Red Hat Bugzilla – Bug 617623
SSSD suffers from serious performance issues on initgroups calls
Last modified: 2015-01-04 18:43:21 EST
Description of problem: Users who are a member of one or more groups containing large numbers of members end up with unacceptable wait times (or timeouts) performing initgroups calls. Since initgroups calls are always performed on login, this is causing unacceptably long login waits. Version-Release number of selected component (if applicable): sssd-1.2.1-21.el6 How reproducible: Every time Steps to Reproduce: 1. Create 10,000 users in LDAP. 2. Create a group that contains all of these users 3. Attempt to log in as one of these users. Actual results: There is a very long wait time to log in (measured in seconds, if not tens of seconds depending on system I/O performance) Expected results: Login time should be reasonable ( < 5 seconds) Additional info: This is happening because we tried to be too clever with the initgroups calls. When a user logs in, we attempt to completely refresh all entries associated with all groups the user is a member of. This worked fine in our small test environments, but we didn't adequately test this for scalability. Our customers are now doing this for us and are not pleased with the results.
Testers: you can compile and run the following C program and run it with the 'time' command getgroups.c: #include <sys/types.h> #include <unistd.h> #include <grp.h> int main(int argc, char **argv) { initgroups(argv[1], 0); return 0; } Compile and run: gcc -o initgroups.test getgroups.c time ./initgroups.test <username> Prior to this patch, time would have reported 3-5s for users in groups of ~300-500 users. After this patch it will average < 1s. Please test this on users of varying sized groups and numbers of groups.

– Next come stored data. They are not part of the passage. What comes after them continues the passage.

Theorem proposition6p3 (d N k n : nat) (D : 'I_n -> zset d) (C : zset d) :
  (10 <= N)%N -> (10 <= k)%N ->
  (forall j, grid_union (N * k) (D j)) ->
  grid_union (N * k) C ->
  (forall j j' x, j != j' ->
     thicken (D j) (10 * k) x -> thicken (D j') (10 * k) x -> False) ->
  (forall j x, thicken (D j) (10 * k) x -> C x) ->
  tileable_almost_kboxes k (fun x => C x /\ forall j, ~ D j x).
Proof.
move=> N_ge k_ge D_grid C_grid disj sub.
have /fin_all_exists[Ds /fin_all_exists[g D_rep]] := fun j => grid_union_rep (D_grid j).
have [Cs [h C_rep]] := grid_union_rep C_grid.
apply: complement_tileable D_rep C_rep disj sub.
- lia.
- exact: dvdn_mull.
- by rewrite leq_mul2r; lia.
Qed.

Setup: 1. Created a group bosgroup with 500 users, Group1 with 5000 users and mumgroup with 10000 users. 2. bos 500 is a member of Group1 and mumgroup. 3. pnq5000 is a member of mumgroup. 4. mum9999 is a member on mumgroup. [root@rhel6snap11 ~]# time ./initgroups.test bos500 real 0m0.173s user 0m0.000s sys 0m0.001s [root@rhel6snap11 ~]# time ./initgroups.test pnq5000 real 0m0.226s user 0m0.001s sys 0m0.000s [root@rhel6snap11 ~]# time ./initgroups.test mum9999 real 0m0.272s user 0m0.000s sys 0m0.001s Verified: sssd-1.2.1-26.el6.
Where can I find the patch used to fix this issue?
(In reply to comment #4) > Where can I find the patch used to fix this issue? http://git.fedorahosted.org/git/?p=sssd.git;a=commit;h=24a5809cbc96d10001535999a292cb26242ad01d However, as is being discussed right now at https://fedorahosted.org/pipermail/sssd-devel/2010-September/004540.html we've discovered that this patch has introduced some issues with group resolution under certain circumstances.
Red Hat Enterprise Linux 6.0 is now available and should resolve the problem described in this bug report. This report is therefore being closed with a resolution of CURRENTRELEASE. You may reopen this bug report if the solution does not work for you.